4. Un point très particulier du recrutement cette année est la possibilité pour toute personne, même déjà fonctionnaire, de postuler à ce recrutement. Est-ce un concours professionnel ? Non évidemment ! Pourquoi ne pas se focaliser sur les jeunes docteurs sans emploi, si vraisemblablement un des objectifs de ce gouvernement était de promouvoir une jeunesse consciente ? Une liste d’admis non signés, affiché au ministère de l’enseignement supérieur laisse voir qu’il y a plus de fonctionnaires sélectionnés que de jeunes docteurs étant à la recherche d’emploi. Pourquoi ?

5. Pour être assistant d’université ou attaché de recherche, il faut être titulaire d’un doctorat, d’un PhD. Cette condition est également exigée par le CAMES (Conseil Africain et Malgache pour l’Enseignement Supérieur). Comment se fait-il que des ingénieurs (niveau bac +5) ou des docteurs d’état (niveau bac +6 ou 7) soient autorisés à postuler au concours de niveau PhD (bac + 9) ?

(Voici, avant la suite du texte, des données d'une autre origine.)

(* For every black-white pairing $\rho$ of $\mathbf N$, $$\mathrm{sign}_c(\mathbf N)\,\mathrm{sign}_{BW}(\rho)\prod_{\{b,w\}\in\rho}\mathrm{sign}(b,w)=(-1)^{\#\text{crossings of }\rho}.$$
   Context: $\mathbf N=\{1,\dots,2n\}$ is a set of nodes (arranged counterclockwise on a circle), each colored black or white, with $n$ of each color. A pairing is a partition into 2-element blocks; $\{a,c\},\{b,d\}$ cross if $a<b<c<d$. Black-white pairing: each pair has one black and one white node; with black nodes $b_1<\dots<b_n$ and white nodes $w_1<\dots<w_n$, $\mathrm{sign}_{BW}(\rho)$ is the sign of the permutation $\theta$ of $\{1,\dots,n\}$ with $\rho(b_i)=w_{\theta(i)}$. A couple of consecutive nodes of the same color is a pair $(m,m+1)$, $m\in\{1,\dots,2n\}$, indices mod $2n$ (so $(2n,1)$ allowed), with $m,m+1$ of the same color. For black $b$ and white $w$, $a_{b,w}$ is the number of $m$ with $\min(b,w)\le m<m+1\le\max(b,w)$ and $m,m+1$ the same color; $\mathrm{sign}(b,w)=(-1)^{(|b-w|+a_{b,w}-1)/2}$ (the exponent is an integer). Let $(n_1,n_1+1),\dots,(n_{2k},n_{2k}+1)$ be all couples, $n_1<\dots<n_{2k}$; $k$ of them are black couples with first elements $s_1<\dots<s_k$ and $k$ are white couples with first elements $u_1<\dots<u_k$. If node $1$ is black, put $\varphi(u_i)=2i-1$, $\varphi(s_i)=2i$; if node 1 is white, put $\varphi(s_i)=2i-1$, $\varphi(u_i)=2i$. Then $\mathrm{sign}_c(\mathbf N)$ is the sign of the permutation $(\varphi(n_1),\dots,\varphi(n_{2k}))$ in one-line notation, and $\mathrm{sign}_c(\mathbf N)=1$ if $k=0$. *)

From HB Require Import structures.
From mathcomp Require Import all_boot all_order all_algebra all_fingroup.
Set Implicit Arguments. Unset Strict Implicit. Unset Printing Implicit Defensive.
Import GRing.Theory Num.Theory.

(* Nodes are the naturals 1..2n; a colouring is col : nat -> bool,
   col x = true meaning "x is black". Only values on 1..2n matter. *)
Definition nodes (n : nat) : seq nat := iota 1 (2 * n).

Definition nsucc (n m : nat) : nat := if m == 2 * n then 1 else m.+1.

Definition blacks (n : nat) (col : nat -> bool) : seq nat :=
  [seq x <- nodes n | col x].
Definition whites (n : nat) (col : nat -> bool) : seq nat :=
  [seq x <- nodes n | ~~ col x].

(* A black-white pairing, given as the involution x |-> partner of x:
   blocks are {x, rho x}; each block has one black and one white node. *)
Definition is_bw_pairing (n : nat) (col : nat -> bool) (rho : nat -> nat) : Prop :=
  forall x, x \in nodes n ->
    [/\ rho x \in nodes n, rho (rho x) = x & col (rho x) != col x].

(* Sign of a permutation given in one-line notation s (0-based values
   0..size s - 1); 0 if s is not a permutation. *)
Definition seq_sign (s : seq nat) : int :=
  match [pick p : 'S_(size s) | [forall i : 'I_(size s), (p i : nat) == nth 0 s i]] with
  | Some p => (-1) ^+ odd_perm p
  | None => 0
  end.

(* sign_BW: rho(b_i) = w_{theta(i)} *)
Definition bw_theta (n : nat) (col : nat -> bool) (rho : nat -> nat) : seq nat :=
  [seq index (rho (nth 0 (blacks n col) i)) (whites n col) | i <- iota 0 n].
Definition sign_BW (n : nat) (col : nat -> bool) (rho : nat -> nat) : int :=
  seq_sign (bw_theta n col rho).

Definition a_bw (n : nat) (col : nat -> bool) (b w : nat) : nat :=
  count (fun m => [&& minn b w <= m, m.+1 <= maxn b w & col m == col m.+1])
        (nodes n).
Definition sign_bw (n : nat) (col : nat -> bool) (b w : nat) : int :=
  (-1) ^+ (((maxn b w - minn b w) + a_bw n col b w).-1 %/ 2).

(* couples (m, m+1 mod 2n) of the same colour, identified by first element *)
Definition is_couple (n : nat) (col : nat -> bool) (m : nat) : bool :=
  col m == col (nsucc n m).
Definition couples (n : nat) (col : nat -> bool) : seq nat :=
  [seq m <- nodes n | is_couple n col m].
Definition black_couples (n : nat) (col : nat -> bool) : seq nat :=
  [seq m <- couples n col | col m].
Definition white_couples (n : nat) (col : nat -> bool) : seq nat :=
  [seq m <- couples n col | ~~ col m].

(* phi, shifted down by one (values 0..2k-1 instead of 1..2k):
   node 1 black: phi(u_i) = 2i-1, phi(s_i) = 2i;
   node 1 white: phi(s_i) = 2i-1, phi(u_i) = 2i  (i 1-based). *)
Definition phi0 (n : nat) (col : nat -> bool) (m : nat) : nat :=
  if col m then (index m (black_couples n col)) * 2 + (col 1)
  else (index m (white_couples n col)) * 2 + (~~ col 1).

Definition sign_c (n : nat) (col : nat -> bool) : int :=
  seq_sign [seq phi0 n col m | m <- couples n col].

Definition crossings (n : nat) (rho : nat -> nat) : nat :=
  \sum_(a <- nodes n) \sum_(b <- nodes n) \sum_(c <- nodes n) \sum_(d <- nodes n)
     [&& a < b, b < c, c < d, rho a == c & rho b == d].
(* Let $\mathbb{F}$ be a finite field with $q$ elements, let $T,n,r$ be positive integers, and let $X$ be a uniformly random matrix in $\mathbb{F}^{T\times n}$. If $r^n\cdot q^{\binom{r+T}{r}-n}\ge1$, then $$\mathbb{E}[\operatorname{rank}(X^r)]\ge n\left(1-\frac{\ln r}{\ln q}\right)-\frac{1}{\ln q}.$$
   Context: For $X\in\mathbb{F}^{T\times n}$, $X^r\in\mathbb{F}^{\binom{r+T}{r}\times n}$ is the matrix whose rows are all coordinatewise products of at most $r$ rows of $X$, products with repeated rows included (one row for each multiset of at most $r$ row indices, the empty product being the all-ones row); i.e., the matrix of all monomials of total degree at most $r$ in the rows of $X$. *)

From Stdlib Require Import Reals.
From HB Require Import structures.
From mathcomp Require Import all_boot all_order all_algebra.
From mathcomp Require Import Rstruct.
Set Implicit Arguments. Unset Strict Implicit. Unset Printing Implicit Defensive.
Import Order.TTheory GRing.Theory Num.Theory.
Local Open Scope ring_scope.

(* Multisets of at most r elements of the row-index set 'I_T, encoded by their
   multiplicity (exponent) vectors e with \sum_i e i <= r.  There are
   'C(r+T, r) of them. *)
Definition msets (T r : nat) :=
  {e : {ffun 'I_T -> 'I_r.+1} | (\sum_i (e i : nat) <= r)%N}.

(* X^r : one row per multiset of at most r row indices, the row being the
   coordinatewise product of the corresponding rows of X (with repetitions);
   the empty multiset gives the all-ones row. *)
Definition Xpow (F : fieldType) (T n r : nat) (X : 'M[F]_(T, n))
  : 'M[F]_(#|{: msets T r}|, n) :=
  \matrix_(k < #|{: msets T r}|, j < n)
     \prod_(i < T) X i j ^+ (val (enum_val k) i : nat).

Definition exp_rank (F : finFieldType) (T n r : nat) : R :=
  (\sum_(X : 'M[F]_(T, n)) (\rank (Xpow r X))%:R) / (#|F| ^ (T * n))%:R.
(* red : O_F -> k is a surjective ring morphism with kernel pi O_F, so that
   k is (isomorphic to) the residue field O_F / pi O_F. *)
Definition is_residue_map (F : fieldType) (v : F -> int) (k : fieldType)
    (red : F -> k) : Prop :=
  [/\ red 1 = 1,
      (forall x y, OF v x -> OF v y -> red (x + y) = red x + red y),
      (forall x y, OF v x -> OF v y -> red (x * y) = red x * red y),
      (forall x, OF v x -> (red x = 0 <-> vge v x 1)) &
      (forall l : k, exists2 x, OF v x & red x = l)].

Definition is_teichmuller (F : fieldType) (v : F -> int) (k : finFieldType)
    (red : F -> k) (tlift : k -> F) : Prop :=
  tlift 0 = 0 /\
  forall l : k, l != 0 ->
    [/\ OF v (tlift l), red (tlift l) = l & tlift l ^+ (#|k|.-1) = 1].

Definition Iset (F : fieldType) (k : finFieldType) (tlift : k -> F) (pi : F)
    (n : nat) (x : F) : Prop :=
  exists lam : 'I_n -> k, x = \sum_(i < n) pi ^+ i * tlift (lam i).

Definition mx2 (F : fieldType) (a b c d : F) : 'M[F]_2 :=
  \matrix_(i < 2, j < 2)
    if (i == 0 :> nat) then (if (j == 0 :> nat) then a else b)
    else (if (j == 0 :> nat) then c else d).

Definition SL2 (F : fieldType) (A : 'M[F]_2) : Prop := \det A = 1.
Definition SL2O (F : fieldType) (v : F -> int) (A : 'M[F]_2) : Prop :=
  \det A = 1 /\ forall i j, OF v (A i j).

(* The representatives: b = false is the first family (m >= 0, kappa in I_2m),
   b = true the second (m >= 1, kappa in I_(2m-1)). *)
Definition rep_index (F : fieldType) (k : finFieldType) (tlift : k -> F)
    (pi : F) (b : bool) (m : nat) (kappa : F) : Prop :=
  if b then (1 <= m)%N /\ Iset tlift pi (2 * m - 1) kappa
  else Iset tlift pi (2 * m) kappa.

Definition rep (F : fieldType) (pi : F) (b : bool) (m : nat) (kappa : F)
    : 'M[F]_2 :=
  if b then mx2 0 (- pi ^+ m) (pi ^- m) (- (pi ^- m * pi) * kappa)
  else mx2 (pi ^+ m) 0 (pi ^- m * kappa) (pi ^- m).

From HB Require Import structures.
From mathcomp Require Import all_boot all_order all_algebra.
From mathcomp Require Import ring zify.
Import Order.TTheory GRing.Theory Num.Theory.
Local Open Scope ring_scope.

Set Implicit Arguments.
Unset Strict Implicit.
Unset Printing Implicit Defensive.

Rappelons ici que le doctorat d’état en science de la santé équivaut en réalité à un niveau bac +5, donc ingénieur. Au Burkina Faso, ce diplôme est obtenu après 7 années d’études. En Côte d’Ivoire, 6 ans suffisent pour l’obtenir.

Un docteur d’état en santé ne peut être directement recruté comme attaché de recherche ou assistant d’université. Ce cas d’irrégularité est observé pour le recrutement d’attachés de recherche pour le compte de l’IRSS. Un «bras long» du ministère cherche-t-il à frauder ? Pour preuve, voir la liste affichée au ministère.

Je lance ainsi un appel à nos autorités, et plus particulièrement à ceux du ministère en charge de l’Enseignement supérieur et de la recherche scientifique à observer un minimum de considération à l’endroit des jeunes intellectuels qui n’ont qu’un seul rêve: travailler et contribuer au rayonnement du Burkina Faso, à travers la recherche scientifique et l’enseignement supérieur de qualité.

J’ai également été désagréablement surpris de constater que cette situation n’a fait l’objet d’attention d’aucun organe de presse, ni de structure de la société civile. Il faudrait que cette situation change. La modeste proposition que je fais, c’est de confier tout simplement aux différentes structures bénéficiaires, comme c’était ainsi de par le passé, le processus de recrutement dans l’enseignement supérieur et dans la recherche scientifique.

L’expérience de cette année porte à croire que les structures du ministère sont incapables d’assurer dans le respect cette tâche, contrairement aux universités et centres de recherche qui faisaient mieux. Si cette situation demeure, il ne faudrait pas être surpris de constater que face à ces types d’injustice subis, de jeunes enseignants et chercheurs quittent les amphis et salles de laboratoire pour faire de la politique.

Au regard de tous les points soulevés, il est aisé de sentir une forte odeur de corruption qui ne dit pas son nom, dans ce processus de recrutement. Jusqu’à ce jour, on ignore quand les résultats définitifs sortiront. On ignore également quand les admis seront appelés à prendre effectivement service, chose qui était prévue pour le 1er novembre passé.

Ce qui implique aucun sérieux de la part du ministère de l’Enseignement supérieur et de la recherche scientifique dans ce processus de recrutement.